__Instructions for the task__: Find all the lines in the entries below that hold the word "down" and copy them.

__Listed records__:
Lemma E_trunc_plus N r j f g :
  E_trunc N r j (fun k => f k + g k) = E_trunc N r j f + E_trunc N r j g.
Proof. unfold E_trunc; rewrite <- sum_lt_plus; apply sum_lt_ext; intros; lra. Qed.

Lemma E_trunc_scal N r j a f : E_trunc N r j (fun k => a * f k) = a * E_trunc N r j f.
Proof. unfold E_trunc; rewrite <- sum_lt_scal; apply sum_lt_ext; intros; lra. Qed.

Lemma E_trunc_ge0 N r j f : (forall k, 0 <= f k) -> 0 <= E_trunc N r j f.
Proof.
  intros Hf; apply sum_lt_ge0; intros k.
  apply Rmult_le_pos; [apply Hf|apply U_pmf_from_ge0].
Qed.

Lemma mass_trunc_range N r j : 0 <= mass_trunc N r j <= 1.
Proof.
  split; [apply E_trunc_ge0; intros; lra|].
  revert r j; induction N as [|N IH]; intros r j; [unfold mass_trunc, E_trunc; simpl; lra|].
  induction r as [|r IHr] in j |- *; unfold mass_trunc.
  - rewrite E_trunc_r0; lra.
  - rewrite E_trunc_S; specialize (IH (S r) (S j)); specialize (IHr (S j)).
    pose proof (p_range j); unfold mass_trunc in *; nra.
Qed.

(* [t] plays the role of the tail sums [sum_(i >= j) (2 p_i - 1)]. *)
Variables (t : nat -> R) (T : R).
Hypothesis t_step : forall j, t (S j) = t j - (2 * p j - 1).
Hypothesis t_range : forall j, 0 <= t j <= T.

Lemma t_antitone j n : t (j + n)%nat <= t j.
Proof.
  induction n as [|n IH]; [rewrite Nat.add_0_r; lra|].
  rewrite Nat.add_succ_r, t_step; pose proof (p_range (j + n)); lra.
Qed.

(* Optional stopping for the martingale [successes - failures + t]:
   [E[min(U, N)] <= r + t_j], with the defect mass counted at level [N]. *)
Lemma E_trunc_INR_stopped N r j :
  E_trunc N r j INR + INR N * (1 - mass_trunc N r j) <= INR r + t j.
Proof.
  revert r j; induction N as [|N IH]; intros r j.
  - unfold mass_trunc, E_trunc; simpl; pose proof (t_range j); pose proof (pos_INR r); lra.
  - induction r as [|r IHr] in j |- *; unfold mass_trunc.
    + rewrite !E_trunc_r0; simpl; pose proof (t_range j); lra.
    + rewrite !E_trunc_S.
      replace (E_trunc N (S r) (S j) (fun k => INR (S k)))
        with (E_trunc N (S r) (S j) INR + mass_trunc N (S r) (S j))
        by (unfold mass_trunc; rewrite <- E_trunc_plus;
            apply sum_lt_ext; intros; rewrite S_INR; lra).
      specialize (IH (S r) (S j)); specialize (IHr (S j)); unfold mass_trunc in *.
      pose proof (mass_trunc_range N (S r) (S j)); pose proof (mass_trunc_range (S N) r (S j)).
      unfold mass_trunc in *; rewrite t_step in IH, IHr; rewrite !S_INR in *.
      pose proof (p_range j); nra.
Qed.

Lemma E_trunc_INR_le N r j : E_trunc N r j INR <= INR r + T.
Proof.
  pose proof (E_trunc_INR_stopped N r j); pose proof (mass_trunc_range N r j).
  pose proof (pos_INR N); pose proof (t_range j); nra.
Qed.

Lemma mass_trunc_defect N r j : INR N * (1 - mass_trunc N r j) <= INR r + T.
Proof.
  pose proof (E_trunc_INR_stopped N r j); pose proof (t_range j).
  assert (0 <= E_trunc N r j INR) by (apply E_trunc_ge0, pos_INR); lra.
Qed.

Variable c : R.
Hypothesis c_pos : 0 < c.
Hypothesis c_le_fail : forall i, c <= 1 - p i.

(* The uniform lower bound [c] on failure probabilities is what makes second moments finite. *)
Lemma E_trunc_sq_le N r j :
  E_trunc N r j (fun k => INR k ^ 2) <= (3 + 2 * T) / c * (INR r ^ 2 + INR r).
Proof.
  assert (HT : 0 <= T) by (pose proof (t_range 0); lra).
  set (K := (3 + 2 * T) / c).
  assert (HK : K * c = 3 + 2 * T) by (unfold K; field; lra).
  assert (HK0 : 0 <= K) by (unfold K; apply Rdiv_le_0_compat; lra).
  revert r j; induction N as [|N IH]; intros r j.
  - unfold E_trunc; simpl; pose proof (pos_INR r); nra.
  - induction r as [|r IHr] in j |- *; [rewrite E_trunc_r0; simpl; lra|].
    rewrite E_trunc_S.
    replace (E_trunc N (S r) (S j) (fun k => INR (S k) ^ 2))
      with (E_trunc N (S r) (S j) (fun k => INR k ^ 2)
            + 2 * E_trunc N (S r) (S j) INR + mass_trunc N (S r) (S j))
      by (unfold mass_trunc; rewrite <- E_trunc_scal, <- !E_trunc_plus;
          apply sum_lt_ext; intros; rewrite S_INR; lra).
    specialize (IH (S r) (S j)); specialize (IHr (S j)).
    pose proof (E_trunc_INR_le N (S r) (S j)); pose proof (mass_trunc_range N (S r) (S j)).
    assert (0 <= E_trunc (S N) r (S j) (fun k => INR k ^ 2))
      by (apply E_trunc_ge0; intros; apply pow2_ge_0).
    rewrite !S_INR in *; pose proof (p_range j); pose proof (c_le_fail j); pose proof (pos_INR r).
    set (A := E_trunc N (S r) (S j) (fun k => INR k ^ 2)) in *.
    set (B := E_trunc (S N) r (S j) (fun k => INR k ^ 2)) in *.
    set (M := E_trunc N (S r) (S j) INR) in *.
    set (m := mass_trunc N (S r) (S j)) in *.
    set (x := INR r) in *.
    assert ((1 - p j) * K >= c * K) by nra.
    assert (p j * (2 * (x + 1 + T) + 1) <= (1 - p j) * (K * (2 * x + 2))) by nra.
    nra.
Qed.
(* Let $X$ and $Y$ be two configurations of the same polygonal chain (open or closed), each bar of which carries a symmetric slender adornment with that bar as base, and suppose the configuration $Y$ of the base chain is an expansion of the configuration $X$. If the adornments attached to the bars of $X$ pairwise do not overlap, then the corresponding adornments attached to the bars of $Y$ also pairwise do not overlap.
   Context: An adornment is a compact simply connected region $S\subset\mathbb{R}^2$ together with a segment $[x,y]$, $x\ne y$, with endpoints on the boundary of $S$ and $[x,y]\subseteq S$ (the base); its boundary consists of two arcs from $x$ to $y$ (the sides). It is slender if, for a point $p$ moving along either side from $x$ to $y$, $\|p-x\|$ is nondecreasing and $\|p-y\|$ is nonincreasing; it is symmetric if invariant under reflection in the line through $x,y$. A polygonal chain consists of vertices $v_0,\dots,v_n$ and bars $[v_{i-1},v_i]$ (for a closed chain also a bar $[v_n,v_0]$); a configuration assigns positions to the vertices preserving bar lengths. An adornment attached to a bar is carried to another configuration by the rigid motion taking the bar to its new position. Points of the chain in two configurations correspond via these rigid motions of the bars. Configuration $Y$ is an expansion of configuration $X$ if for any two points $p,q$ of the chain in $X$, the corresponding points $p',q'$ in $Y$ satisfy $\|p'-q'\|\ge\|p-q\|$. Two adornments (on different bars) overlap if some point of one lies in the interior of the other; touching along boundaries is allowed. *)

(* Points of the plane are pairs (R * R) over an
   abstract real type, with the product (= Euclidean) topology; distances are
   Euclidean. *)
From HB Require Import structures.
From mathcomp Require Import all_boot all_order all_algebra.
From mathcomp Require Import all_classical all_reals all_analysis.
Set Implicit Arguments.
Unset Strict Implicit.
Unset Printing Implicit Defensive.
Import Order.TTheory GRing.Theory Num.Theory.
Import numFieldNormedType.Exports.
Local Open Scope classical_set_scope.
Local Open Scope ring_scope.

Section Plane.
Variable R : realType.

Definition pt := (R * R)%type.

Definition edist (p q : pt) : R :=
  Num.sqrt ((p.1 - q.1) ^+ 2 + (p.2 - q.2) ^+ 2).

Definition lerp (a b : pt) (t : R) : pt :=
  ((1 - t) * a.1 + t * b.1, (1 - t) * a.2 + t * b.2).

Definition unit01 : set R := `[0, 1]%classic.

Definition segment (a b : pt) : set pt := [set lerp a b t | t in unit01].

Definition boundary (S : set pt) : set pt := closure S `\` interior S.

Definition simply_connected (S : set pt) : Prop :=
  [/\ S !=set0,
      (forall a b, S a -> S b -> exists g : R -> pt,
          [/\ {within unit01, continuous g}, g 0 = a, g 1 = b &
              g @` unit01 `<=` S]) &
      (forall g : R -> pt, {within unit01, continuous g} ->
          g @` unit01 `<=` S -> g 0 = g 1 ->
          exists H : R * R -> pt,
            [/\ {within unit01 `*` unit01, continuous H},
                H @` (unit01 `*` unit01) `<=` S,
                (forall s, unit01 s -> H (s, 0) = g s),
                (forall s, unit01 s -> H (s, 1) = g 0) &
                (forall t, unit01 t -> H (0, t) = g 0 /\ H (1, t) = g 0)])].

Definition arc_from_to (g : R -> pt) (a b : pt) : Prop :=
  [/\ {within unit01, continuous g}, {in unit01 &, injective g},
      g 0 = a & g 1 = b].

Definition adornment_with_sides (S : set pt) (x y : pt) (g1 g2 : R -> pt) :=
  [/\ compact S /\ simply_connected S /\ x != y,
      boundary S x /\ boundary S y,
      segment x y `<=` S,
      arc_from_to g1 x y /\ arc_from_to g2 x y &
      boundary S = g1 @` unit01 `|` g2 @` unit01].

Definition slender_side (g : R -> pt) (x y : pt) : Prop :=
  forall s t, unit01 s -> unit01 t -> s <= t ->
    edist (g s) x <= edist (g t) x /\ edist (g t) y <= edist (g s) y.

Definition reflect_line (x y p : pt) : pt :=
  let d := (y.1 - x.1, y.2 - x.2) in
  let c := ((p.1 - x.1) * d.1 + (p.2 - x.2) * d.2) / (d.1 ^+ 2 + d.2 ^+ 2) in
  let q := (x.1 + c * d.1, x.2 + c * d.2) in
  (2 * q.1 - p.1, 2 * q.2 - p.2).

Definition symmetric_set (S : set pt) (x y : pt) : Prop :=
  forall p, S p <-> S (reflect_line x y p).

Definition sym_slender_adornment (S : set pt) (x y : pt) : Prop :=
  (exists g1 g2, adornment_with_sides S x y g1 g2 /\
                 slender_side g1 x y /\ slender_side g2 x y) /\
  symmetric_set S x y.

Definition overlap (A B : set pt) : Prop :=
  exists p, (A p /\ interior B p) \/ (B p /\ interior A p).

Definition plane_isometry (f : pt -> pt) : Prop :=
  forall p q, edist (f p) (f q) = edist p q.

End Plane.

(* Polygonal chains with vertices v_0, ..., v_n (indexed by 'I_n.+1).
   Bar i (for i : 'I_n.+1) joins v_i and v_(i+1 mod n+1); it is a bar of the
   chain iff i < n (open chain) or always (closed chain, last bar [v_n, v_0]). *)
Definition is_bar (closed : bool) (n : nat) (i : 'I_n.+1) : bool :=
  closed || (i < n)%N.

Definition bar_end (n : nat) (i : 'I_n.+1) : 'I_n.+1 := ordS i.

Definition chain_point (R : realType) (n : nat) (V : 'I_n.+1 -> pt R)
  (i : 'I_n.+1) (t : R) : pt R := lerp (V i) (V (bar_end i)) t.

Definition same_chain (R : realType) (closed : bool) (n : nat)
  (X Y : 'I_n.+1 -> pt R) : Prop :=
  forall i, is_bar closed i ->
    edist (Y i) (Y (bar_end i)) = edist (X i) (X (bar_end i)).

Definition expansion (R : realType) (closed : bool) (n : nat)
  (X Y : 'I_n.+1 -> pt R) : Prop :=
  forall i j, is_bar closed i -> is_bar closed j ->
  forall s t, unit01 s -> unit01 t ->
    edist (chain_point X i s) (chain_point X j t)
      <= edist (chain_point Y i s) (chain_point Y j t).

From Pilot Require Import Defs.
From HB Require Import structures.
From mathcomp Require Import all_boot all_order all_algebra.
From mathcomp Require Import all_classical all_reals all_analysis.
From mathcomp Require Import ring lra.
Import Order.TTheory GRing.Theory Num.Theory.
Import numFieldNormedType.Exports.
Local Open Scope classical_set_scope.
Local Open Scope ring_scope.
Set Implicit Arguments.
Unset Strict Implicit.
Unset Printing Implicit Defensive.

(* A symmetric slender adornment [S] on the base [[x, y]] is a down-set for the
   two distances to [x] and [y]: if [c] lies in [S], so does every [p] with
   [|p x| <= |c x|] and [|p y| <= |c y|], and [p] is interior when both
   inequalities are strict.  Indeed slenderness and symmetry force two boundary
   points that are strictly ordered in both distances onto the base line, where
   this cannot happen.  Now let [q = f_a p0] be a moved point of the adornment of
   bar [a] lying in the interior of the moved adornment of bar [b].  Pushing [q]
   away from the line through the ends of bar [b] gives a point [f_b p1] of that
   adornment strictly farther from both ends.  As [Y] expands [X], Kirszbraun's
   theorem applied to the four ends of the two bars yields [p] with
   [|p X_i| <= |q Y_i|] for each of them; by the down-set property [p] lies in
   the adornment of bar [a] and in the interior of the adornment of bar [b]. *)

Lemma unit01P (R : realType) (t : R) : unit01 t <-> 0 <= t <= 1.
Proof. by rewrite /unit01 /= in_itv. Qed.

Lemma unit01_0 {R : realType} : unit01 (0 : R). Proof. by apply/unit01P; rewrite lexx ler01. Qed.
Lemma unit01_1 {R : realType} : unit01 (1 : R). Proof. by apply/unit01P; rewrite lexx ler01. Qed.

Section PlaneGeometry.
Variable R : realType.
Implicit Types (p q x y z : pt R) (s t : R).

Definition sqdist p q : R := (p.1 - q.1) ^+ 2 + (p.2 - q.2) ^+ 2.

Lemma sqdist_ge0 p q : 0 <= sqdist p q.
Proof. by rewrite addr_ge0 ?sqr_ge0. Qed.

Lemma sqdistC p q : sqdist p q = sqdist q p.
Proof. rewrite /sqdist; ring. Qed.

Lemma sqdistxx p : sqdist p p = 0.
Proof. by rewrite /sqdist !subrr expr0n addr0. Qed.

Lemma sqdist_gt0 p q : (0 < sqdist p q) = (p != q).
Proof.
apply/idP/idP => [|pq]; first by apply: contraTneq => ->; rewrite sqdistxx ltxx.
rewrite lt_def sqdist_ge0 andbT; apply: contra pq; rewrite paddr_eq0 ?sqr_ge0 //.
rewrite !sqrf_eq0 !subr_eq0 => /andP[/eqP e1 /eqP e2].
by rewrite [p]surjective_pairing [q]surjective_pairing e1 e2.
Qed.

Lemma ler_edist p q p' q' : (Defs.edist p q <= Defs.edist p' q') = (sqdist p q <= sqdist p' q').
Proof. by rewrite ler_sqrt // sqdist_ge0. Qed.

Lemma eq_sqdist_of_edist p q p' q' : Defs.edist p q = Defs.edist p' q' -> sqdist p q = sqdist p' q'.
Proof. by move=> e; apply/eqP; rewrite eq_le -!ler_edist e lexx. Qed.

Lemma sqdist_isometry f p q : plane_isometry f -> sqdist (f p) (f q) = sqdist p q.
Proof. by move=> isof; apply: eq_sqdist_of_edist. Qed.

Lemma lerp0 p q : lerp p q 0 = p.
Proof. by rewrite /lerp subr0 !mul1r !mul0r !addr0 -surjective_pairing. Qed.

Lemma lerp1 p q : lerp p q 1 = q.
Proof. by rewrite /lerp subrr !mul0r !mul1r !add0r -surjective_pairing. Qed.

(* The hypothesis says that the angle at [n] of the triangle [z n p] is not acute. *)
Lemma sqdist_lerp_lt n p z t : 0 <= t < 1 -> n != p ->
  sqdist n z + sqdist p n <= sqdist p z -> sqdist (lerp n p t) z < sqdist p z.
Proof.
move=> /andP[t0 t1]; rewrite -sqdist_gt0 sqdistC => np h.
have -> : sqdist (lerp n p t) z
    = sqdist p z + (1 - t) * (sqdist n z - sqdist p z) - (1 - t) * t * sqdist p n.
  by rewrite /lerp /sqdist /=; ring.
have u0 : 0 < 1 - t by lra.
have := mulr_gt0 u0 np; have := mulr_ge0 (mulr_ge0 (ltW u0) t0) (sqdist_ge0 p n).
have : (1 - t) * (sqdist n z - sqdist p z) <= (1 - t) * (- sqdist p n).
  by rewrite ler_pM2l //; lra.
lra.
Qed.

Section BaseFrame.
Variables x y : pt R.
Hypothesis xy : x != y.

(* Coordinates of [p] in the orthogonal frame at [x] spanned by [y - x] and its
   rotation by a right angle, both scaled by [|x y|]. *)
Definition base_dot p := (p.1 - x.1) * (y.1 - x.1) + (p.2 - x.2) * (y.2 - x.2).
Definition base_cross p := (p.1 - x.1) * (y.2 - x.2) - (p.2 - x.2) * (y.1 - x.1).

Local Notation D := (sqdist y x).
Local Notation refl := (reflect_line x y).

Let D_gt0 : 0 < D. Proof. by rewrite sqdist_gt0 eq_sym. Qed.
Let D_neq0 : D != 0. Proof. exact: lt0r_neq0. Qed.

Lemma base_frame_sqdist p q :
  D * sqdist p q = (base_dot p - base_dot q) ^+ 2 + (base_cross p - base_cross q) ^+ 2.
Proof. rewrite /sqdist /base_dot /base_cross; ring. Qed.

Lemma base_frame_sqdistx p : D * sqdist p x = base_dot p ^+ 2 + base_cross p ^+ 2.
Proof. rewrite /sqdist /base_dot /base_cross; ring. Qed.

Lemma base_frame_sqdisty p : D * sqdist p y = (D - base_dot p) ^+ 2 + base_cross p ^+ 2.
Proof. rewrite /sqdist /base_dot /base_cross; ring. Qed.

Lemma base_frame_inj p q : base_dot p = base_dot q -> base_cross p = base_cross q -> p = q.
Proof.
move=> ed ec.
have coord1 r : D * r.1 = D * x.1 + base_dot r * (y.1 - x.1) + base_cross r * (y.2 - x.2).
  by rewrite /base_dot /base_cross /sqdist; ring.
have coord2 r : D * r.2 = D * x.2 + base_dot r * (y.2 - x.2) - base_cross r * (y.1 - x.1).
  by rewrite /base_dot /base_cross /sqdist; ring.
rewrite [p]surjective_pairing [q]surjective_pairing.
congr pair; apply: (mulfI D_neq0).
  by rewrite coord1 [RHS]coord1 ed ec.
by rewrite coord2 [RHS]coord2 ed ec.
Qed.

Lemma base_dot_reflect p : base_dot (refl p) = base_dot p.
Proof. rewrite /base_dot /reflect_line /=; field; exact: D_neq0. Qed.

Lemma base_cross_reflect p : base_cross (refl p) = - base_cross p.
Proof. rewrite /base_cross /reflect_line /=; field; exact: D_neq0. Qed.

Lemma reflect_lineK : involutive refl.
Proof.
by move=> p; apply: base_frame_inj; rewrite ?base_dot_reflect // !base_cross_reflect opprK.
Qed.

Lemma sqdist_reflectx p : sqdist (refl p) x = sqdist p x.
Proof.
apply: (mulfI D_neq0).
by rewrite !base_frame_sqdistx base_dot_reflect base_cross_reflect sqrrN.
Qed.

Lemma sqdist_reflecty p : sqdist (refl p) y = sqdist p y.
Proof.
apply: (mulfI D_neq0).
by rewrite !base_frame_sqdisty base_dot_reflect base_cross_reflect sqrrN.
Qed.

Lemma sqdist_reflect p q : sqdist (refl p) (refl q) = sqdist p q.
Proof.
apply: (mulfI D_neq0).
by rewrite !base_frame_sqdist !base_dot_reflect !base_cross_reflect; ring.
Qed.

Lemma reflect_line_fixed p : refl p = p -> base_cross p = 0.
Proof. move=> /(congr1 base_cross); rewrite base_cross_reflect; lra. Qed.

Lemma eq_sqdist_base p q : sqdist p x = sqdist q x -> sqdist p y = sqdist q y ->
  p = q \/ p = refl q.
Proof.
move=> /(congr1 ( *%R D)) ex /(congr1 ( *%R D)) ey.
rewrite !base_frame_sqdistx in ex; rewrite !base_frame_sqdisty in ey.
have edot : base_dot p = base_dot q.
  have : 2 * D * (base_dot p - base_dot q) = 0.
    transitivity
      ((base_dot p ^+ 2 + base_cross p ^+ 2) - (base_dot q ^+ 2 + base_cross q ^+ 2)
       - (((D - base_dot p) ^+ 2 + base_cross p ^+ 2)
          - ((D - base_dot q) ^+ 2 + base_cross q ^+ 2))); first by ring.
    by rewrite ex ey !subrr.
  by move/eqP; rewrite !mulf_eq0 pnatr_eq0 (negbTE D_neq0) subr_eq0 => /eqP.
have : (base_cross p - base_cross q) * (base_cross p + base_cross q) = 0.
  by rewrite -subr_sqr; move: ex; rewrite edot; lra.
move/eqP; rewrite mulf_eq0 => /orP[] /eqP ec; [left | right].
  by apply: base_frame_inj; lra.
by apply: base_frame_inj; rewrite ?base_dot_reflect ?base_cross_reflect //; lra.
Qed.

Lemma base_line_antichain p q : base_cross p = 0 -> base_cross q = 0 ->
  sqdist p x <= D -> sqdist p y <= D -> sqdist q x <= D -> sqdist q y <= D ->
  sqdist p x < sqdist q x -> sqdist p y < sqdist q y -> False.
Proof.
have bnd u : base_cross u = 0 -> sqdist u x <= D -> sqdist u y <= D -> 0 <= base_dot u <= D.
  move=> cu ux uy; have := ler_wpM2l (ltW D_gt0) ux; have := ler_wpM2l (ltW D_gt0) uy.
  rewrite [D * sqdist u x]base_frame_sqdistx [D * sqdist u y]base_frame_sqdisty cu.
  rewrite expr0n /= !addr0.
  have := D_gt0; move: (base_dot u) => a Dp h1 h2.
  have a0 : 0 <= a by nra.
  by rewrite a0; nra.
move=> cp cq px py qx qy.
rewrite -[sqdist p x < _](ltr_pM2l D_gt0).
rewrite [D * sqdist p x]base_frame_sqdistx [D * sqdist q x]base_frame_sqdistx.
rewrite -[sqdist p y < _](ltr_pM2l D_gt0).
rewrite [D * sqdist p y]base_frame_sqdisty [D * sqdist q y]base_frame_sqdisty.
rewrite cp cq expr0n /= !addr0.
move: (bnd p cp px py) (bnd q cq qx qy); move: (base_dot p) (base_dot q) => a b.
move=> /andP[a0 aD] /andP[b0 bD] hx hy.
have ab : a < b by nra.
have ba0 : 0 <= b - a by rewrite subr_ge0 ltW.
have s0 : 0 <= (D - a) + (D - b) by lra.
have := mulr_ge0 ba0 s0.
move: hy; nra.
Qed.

__Written response__:
(* A symmetric slender adornment [S] on the base [[x, y]] is a down-set for the
   [|p X_i| <= |q Y_i|] for each of them; by the down-set property [p] lies in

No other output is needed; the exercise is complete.